= WHAT THE TASK ASKS =
Where in the data below does the word "countType" appear? Copy every line that has it.

*** WORKING DATA Section Begins ***

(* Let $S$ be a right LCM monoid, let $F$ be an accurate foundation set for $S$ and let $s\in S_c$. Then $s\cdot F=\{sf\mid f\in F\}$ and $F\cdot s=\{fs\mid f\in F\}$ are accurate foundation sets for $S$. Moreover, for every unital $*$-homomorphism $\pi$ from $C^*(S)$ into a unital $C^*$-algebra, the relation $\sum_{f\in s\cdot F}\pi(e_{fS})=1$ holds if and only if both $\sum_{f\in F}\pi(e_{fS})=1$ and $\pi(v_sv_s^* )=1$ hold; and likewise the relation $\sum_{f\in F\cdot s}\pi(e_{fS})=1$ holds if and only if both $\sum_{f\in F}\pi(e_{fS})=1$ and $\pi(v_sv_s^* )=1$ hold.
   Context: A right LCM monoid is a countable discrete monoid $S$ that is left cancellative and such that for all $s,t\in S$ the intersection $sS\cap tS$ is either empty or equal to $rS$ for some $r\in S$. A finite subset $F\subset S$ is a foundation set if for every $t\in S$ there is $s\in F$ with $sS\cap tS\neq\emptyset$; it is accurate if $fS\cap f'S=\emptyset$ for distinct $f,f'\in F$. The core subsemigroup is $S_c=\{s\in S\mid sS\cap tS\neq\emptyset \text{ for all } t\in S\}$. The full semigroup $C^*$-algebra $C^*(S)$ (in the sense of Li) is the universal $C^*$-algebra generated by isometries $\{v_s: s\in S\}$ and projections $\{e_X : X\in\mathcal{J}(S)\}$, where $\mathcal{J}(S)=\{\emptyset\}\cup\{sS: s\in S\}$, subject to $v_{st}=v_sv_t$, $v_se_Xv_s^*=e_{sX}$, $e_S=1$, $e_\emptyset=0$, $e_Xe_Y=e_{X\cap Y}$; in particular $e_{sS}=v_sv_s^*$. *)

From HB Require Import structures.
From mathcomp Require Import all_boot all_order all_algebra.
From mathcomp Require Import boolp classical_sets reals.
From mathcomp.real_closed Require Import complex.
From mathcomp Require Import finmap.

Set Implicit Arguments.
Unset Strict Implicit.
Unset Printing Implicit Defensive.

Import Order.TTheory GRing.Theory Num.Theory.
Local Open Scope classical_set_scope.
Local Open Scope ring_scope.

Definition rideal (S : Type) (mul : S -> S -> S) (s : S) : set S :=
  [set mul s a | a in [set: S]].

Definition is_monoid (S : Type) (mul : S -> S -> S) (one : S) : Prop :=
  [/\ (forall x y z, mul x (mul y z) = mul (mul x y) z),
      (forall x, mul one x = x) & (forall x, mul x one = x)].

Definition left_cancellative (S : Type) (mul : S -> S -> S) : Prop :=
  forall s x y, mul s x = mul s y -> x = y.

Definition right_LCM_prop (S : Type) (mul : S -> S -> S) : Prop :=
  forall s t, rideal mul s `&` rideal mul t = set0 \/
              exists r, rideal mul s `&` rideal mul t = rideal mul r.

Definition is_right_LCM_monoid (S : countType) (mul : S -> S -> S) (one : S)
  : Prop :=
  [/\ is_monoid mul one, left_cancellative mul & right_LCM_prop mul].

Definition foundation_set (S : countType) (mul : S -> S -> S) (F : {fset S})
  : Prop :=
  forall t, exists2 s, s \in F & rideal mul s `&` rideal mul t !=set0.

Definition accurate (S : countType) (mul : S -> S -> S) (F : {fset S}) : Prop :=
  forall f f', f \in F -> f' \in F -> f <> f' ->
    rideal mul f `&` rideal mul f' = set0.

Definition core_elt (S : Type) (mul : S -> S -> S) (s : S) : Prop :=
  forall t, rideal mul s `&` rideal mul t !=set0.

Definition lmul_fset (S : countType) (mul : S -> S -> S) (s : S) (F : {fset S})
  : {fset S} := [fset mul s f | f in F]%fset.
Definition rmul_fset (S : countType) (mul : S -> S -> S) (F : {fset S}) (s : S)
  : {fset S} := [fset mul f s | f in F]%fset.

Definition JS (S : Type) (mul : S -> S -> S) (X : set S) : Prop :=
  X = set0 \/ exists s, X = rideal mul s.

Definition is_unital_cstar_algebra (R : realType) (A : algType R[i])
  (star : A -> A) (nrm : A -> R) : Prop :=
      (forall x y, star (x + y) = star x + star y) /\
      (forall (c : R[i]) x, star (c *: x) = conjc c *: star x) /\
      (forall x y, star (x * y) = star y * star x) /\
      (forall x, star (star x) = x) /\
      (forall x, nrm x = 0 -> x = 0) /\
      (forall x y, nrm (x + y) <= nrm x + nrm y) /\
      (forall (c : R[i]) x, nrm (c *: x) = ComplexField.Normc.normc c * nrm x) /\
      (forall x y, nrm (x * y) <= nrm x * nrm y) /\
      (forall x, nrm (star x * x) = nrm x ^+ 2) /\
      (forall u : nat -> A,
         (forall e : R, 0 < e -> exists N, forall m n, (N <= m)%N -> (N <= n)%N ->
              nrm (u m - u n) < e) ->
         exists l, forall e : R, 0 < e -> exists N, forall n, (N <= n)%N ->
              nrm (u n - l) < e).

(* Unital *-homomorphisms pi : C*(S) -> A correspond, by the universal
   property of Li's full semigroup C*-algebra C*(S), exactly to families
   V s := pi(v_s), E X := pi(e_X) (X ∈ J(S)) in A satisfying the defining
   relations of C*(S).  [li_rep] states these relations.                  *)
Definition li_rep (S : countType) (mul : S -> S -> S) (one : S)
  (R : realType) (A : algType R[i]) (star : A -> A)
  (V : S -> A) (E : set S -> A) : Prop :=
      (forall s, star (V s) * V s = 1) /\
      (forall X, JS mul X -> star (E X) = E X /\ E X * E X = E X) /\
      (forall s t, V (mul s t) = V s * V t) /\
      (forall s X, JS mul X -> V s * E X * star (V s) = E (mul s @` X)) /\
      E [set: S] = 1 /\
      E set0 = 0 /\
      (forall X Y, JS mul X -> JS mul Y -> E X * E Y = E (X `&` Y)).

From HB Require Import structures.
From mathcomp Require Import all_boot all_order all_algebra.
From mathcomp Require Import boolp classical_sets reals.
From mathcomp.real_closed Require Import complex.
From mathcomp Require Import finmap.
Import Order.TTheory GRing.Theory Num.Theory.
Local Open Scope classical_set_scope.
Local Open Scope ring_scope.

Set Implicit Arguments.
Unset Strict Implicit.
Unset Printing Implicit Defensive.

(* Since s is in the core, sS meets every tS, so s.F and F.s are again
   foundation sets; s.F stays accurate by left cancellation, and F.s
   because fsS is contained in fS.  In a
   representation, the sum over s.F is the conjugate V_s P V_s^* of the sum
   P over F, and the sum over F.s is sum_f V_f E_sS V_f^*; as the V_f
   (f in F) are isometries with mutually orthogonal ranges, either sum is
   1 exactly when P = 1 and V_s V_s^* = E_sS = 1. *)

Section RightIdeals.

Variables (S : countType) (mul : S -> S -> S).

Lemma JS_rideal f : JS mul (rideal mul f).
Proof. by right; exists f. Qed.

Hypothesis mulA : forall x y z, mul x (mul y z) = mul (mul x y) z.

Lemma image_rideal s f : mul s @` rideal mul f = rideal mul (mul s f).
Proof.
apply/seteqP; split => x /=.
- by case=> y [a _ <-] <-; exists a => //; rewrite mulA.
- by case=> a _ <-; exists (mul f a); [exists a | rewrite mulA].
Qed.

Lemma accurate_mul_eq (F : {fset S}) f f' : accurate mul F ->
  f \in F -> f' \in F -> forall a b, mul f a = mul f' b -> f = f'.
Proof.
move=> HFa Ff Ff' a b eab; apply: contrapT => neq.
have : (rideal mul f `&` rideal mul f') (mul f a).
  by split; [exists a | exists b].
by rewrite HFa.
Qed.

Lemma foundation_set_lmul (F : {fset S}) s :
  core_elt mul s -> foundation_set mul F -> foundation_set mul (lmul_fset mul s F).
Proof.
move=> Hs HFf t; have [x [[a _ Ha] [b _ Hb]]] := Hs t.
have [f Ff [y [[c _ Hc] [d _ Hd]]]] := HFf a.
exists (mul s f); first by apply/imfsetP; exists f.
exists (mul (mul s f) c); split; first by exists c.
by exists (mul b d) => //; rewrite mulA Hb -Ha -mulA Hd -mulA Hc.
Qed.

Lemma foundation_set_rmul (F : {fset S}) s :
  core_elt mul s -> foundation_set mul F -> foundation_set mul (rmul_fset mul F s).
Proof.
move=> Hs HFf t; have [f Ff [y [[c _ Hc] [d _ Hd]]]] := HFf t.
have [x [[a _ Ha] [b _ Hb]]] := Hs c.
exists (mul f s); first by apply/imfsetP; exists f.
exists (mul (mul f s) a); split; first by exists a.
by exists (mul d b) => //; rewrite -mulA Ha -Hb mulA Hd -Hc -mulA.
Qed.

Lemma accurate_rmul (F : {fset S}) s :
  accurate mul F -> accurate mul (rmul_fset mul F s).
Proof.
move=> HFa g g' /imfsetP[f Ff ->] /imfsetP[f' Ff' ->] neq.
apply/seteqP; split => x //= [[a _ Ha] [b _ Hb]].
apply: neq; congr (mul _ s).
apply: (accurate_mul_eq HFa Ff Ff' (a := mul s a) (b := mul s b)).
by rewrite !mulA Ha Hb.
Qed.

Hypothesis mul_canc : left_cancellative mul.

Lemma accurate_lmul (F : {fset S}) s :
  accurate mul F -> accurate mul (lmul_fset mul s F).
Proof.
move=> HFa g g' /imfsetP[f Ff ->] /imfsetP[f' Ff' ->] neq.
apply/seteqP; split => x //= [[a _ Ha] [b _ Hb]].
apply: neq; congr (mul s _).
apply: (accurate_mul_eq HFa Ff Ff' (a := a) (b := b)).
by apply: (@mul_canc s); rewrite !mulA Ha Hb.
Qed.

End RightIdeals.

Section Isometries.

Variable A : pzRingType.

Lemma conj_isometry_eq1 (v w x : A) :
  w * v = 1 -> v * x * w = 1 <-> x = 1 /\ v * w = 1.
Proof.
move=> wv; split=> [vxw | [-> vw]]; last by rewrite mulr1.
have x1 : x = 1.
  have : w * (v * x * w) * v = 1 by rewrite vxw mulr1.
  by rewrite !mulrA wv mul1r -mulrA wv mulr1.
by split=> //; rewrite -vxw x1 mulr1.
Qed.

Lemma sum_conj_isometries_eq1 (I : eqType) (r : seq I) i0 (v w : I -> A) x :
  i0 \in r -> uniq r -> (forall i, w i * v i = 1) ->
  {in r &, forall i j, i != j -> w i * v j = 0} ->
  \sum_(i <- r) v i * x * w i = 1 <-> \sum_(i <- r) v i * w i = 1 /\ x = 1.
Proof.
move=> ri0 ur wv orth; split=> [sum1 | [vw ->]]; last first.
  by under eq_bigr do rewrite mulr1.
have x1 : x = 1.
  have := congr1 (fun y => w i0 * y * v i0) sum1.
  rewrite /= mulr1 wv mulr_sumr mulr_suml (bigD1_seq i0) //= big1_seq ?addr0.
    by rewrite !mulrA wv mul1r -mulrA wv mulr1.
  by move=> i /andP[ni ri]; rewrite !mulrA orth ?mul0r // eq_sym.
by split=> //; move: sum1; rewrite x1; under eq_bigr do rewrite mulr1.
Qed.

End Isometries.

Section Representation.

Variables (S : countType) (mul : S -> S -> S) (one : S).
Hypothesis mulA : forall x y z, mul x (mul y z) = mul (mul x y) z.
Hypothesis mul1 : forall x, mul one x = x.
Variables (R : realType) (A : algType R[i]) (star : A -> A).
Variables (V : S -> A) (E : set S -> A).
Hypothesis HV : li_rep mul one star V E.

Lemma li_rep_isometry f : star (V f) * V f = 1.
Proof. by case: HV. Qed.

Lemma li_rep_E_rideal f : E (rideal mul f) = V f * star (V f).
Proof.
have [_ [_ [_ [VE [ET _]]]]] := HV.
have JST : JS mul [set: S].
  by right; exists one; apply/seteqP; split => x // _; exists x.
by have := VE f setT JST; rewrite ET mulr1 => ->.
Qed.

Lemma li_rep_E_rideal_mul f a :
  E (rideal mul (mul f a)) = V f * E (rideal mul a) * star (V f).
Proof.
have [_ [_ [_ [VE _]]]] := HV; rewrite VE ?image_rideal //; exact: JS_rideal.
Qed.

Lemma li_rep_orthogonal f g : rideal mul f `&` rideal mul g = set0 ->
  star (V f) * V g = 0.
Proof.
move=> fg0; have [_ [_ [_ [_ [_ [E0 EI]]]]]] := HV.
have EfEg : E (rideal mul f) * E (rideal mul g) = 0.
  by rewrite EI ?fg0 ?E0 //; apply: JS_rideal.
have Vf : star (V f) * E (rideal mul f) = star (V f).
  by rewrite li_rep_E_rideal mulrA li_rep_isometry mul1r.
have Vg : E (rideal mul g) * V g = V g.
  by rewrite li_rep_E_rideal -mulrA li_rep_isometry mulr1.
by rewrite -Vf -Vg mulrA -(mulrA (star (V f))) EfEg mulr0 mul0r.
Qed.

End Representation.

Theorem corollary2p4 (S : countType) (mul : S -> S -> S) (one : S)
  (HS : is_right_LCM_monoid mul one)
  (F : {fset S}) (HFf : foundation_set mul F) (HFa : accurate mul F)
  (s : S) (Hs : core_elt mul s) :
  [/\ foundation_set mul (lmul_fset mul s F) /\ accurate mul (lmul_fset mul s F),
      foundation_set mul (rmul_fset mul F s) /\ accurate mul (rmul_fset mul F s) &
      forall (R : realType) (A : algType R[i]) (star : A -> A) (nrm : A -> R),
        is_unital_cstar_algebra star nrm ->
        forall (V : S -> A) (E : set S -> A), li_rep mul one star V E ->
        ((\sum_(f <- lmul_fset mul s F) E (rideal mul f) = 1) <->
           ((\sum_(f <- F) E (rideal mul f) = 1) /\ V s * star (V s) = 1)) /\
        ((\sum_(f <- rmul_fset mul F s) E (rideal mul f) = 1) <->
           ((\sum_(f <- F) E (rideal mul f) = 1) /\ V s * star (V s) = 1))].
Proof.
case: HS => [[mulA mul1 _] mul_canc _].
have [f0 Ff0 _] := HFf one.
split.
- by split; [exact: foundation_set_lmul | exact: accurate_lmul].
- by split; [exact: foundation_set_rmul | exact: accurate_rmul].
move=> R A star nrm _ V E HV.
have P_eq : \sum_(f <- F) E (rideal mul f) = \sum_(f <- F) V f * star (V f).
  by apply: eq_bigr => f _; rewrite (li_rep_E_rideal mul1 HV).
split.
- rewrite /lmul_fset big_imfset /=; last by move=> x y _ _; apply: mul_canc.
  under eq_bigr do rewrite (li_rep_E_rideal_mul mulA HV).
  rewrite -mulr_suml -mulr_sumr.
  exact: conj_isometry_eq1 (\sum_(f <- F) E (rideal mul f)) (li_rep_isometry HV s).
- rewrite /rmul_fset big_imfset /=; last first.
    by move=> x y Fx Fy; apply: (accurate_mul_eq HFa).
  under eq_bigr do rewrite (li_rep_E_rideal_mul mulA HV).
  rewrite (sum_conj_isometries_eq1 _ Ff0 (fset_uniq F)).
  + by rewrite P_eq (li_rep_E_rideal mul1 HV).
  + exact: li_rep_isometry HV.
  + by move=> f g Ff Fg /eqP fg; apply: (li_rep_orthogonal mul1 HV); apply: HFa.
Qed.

*** WORKING DATA Section Ends ***

= SOLUTION TO THIS PROBLEM =
Definition is_right_LCM_monoid (S : countType) (mul : S -> S -> S) (one : S)
Definition foundation_set (S : countType) (mul : S -> S -> S) (F : {fset S})
Definition accurate (S : countType) (mul : S -> S -> S) (F : {fset S}) : Prop :=
Definition lmul_fset (S : countType) (mul : S -> S -> S) (s : S) (F : {fset S})
Definition rmul_fset (S : countType) (mul : S -> S -> S) (F : {fset S}) (s : S)
Definition li_rep (S : countType) (mul : S -> S -> S) (one : S)
Variables (S : countType) (mul : S -> S -> S).
Variables (S : countType) (mul : S -> S -> S) (one : S).
Theorem corollary2p4 (S : countType) (mul : S -> S -> S) (one : S)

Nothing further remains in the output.